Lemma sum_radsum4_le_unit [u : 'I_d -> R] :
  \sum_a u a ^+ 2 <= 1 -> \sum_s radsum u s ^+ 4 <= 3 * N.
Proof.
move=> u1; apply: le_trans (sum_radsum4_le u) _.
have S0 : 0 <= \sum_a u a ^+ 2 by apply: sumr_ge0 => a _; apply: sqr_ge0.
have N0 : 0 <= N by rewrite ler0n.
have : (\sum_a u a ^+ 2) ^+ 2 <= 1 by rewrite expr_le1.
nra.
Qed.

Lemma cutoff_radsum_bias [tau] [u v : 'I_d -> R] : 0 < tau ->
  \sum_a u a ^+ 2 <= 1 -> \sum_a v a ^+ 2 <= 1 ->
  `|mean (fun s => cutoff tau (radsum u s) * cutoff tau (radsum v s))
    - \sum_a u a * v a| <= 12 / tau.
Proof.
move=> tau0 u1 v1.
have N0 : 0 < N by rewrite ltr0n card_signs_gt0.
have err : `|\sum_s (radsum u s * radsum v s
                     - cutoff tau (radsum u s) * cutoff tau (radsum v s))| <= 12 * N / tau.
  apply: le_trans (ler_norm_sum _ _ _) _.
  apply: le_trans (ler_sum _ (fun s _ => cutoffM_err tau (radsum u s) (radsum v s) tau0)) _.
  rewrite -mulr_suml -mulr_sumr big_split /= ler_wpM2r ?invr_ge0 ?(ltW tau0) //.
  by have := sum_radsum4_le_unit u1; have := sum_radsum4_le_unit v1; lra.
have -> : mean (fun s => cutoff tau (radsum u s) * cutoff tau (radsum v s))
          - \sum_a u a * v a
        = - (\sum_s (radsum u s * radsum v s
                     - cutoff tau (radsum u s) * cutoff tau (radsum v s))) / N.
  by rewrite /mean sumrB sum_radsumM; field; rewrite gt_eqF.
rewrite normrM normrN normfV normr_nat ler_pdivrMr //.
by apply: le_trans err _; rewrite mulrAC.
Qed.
========================
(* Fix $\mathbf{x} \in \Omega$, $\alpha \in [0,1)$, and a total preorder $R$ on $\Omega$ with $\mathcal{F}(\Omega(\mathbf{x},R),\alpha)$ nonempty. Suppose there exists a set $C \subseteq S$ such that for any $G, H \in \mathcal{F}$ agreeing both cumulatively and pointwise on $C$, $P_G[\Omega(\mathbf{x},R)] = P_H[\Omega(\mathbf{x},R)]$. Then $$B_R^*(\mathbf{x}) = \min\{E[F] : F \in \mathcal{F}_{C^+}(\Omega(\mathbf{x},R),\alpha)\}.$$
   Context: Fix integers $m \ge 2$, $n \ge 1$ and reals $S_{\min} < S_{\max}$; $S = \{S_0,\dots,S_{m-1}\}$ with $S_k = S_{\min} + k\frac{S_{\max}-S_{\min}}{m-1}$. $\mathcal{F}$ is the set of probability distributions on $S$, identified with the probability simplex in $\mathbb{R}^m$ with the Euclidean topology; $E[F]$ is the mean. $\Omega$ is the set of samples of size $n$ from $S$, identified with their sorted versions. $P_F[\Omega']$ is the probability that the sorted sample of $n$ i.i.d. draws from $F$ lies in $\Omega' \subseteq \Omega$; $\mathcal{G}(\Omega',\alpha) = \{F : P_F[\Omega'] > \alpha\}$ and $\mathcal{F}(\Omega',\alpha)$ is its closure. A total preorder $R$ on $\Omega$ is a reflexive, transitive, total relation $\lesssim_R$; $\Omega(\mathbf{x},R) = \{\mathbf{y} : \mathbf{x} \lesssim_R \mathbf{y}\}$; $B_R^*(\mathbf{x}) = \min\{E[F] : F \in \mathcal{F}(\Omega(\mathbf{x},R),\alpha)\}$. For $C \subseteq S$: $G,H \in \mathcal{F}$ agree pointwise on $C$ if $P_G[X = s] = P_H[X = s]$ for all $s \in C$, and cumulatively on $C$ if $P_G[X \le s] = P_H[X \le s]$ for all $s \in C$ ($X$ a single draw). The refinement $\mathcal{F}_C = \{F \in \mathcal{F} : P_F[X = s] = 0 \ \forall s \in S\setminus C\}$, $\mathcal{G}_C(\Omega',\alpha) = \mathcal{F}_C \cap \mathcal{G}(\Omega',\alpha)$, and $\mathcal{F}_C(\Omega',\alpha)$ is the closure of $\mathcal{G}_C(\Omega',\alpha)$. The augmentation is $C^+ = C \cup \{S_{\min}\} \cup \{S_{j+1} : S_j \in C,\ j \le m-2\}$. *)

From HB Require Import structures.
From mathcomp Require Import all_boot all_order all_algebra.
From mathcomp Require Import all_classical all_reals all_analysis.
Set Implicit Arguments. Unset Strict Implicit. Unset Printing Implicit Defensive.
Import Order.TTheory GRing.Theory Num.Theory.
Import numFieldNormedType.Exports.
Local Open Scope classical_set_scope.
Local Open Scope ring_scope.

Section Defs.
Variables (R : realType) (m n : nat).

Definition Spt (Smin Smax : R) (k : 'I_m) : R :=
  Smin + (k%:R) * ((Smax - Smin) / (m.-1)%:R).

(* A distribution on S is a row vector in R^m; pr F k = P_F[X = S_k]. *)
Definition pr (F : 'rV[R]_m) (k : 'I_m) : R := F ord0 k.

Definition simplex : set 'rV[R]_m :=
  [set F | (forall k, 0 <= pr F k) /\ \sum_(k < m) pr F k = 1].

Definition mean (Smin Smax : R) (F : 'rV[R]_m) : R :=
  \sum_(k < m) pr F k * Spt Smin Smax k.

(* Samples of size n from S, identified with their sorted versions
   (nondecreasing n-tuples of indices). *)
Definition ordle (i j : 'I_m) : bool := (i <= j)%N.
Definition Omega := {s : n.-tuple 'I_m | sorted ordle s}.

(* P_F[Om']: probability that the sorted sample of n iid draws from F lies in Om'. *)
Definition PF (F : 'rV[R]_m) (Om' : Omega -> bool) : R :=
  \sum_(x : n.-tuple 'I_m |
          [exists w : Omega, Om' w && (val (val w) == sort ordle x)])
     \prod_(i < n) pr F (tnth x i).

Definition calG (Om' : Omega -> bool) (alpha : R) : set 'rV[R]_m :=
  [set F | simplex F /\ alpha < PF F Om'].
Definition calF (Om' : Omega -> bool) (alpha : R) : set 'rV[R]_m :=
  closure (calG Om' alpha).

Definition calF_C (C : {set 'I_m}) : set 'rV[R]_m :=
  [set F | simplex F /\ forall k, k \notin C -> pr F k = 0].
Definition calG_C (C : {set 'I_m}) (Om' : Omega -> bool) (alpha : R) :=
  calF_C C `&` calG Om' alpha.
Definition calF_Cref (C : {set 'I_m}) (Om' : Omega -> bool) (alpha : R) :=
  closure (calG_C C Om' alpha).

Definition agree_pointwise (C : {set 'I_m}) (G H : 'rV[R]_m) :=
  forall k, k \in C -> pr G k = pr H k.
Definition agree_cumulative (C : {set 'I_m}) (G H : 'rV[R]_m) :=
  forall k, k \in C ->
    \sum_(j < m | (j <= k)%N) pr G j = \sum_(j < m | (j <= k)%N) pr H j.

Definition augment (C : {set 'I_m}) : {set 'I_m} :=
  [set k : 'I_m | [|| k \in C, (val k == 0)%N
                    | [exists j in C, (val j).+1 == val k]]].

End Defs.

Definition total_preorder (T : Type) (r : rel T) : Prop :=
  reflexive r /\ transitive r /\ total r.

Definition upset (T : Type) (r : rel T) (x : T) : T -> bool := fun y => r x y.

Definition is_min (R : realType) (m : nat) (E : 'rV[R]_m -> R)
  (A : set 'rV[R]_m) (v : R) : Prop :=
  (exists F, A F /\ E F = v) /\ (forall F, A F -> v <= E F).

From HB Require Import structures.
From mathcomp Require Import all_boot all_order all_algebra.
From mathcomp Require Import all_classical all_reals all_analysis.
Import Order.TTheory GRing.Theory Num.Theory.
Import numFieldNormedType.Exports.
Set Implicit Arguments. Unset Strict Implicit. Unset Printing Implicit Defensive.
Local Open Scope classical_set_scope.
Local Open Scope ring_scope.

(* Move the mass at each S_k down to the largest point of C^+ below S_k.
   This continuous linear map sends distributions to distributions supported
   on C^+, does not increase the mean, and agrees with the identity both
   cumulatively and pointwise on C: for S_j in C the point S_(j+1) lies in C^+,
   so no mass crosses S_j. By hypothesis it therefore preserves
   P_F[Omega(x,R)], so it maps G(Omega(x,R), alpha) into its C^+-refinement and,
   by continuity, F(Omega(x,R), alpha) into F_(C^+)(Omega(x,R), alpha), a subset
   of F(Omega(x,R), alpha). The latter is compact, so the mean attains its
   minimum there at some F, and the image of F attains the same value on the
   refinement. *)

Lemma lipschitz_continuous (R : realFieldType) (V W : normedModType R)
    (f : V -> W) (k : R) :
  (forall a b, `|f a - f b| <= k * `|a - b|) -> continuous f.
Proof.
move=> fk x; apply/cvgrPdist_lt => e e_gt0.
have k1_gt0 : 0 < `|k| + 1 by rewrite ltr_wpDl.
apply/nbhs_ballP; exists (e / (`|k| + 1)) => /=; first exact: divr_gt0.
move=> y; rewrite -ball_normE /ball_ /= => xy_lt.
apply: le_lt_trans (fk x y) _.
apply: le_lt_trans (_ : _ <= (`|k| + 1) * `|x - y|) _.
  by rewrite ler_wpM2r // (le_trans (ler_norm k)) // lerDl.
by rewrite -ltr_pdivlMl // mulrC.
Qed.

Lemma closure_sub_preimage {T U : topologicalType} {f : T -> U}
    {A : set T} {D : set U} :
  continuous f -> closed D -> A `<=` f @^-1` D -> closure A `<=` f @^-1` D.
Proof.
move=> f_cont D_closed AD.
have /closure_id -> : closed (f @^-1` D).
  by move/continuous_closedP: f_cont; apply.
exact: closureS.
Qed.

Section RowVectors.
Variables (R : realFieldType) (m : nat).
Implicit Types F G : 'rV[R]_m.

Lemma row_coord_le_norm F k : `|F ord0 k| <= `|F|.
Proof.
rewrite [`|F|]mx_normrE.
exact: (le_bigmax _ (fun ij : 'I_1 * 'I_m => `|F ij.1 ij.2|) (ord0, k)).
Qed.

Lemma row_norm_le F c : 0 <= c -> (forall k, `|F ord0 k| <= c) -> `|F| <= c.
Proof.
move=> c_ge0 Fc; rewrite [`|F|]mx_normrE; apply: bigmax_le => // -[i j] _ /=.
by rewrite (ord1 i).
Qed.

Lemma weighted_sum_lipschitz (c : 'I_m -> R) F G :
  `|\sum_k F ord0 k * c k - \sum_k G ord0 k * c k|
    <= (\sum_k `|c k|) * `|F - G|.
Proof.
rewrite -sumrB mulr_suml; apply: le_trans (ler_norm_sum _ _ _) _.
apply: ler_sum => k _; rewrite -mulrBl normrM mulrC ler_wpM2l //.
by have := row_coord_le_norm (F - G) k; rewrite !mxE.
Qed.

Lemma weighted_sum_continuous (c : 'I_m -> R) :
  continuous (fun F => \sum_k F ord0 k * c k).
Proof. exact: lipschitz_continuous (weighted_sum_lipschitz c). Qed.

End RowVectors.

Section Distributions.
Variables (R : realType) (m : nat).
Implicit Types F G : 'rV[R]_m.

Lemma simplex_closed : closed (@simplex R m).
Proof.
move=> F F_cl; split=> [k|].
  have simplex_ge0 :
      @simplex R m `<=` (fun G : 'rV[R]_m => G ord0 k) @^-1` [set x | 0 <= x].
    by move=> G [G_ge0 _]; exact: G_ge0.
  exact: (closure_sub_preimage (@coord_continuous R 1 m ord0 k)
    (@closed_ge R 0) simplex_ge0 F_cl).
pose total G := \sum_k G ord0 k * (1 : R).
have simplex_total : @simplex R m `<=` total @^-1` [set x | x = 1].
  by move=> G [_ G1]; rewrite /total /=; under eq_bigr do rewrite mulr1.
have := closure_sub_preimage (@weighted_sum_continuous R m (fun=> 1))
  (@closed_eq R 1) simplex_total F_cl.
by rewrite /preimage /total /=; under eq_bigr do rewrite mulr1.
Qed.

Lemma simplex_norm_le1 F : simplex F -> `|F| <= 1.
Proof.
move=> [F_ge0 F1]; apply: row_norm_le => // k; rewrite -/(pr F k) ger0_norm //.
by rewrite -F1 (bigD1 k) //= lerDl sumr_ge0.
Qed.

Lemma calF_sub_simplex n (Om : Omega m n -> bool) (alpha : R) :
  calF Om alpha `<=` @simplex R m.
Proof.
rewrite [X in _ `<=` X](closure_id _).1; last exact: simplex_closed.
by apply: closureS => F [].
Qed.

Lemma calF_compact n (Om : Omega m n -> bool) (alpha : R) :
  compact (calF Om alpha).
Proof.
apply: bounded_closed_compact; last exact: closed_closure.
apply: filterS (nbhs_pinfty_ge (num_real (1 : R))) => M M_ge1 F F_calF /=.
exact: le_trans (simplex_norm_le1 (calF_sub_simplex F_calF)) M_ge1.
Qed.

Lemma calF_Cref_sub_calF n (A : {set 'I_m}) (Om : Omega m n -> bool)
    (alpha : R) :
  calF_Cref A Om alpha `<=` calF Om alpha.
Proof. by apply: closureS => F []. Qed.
========================
• [What you have to do]:
Beginning with the line holding "Lemma sum_radsum4_le_unit [u" and ending with the line holding "have N0 : 0 <= N by rewrite ler0n.", write out the stretch of material above exactly; add no further lines.

• [Answer for this exercise]:
Lemma sum_radsum4_le_unit [u : 'I_d -> R] :
  \sum_a u a ^+ 2 <= 1 -> \sum_s radsum u s ^+ 4 <= 3 * N.
Proof.
move=> u1; apply: le_trans (sum_radsum4_le u) _.
have S0 : 0 <= \sum_a u a ^+ 2 by apply: sumr_ge0 => a _; apply: sqr_ge0.
have N0 : 0 <= N by rewrite ler0n.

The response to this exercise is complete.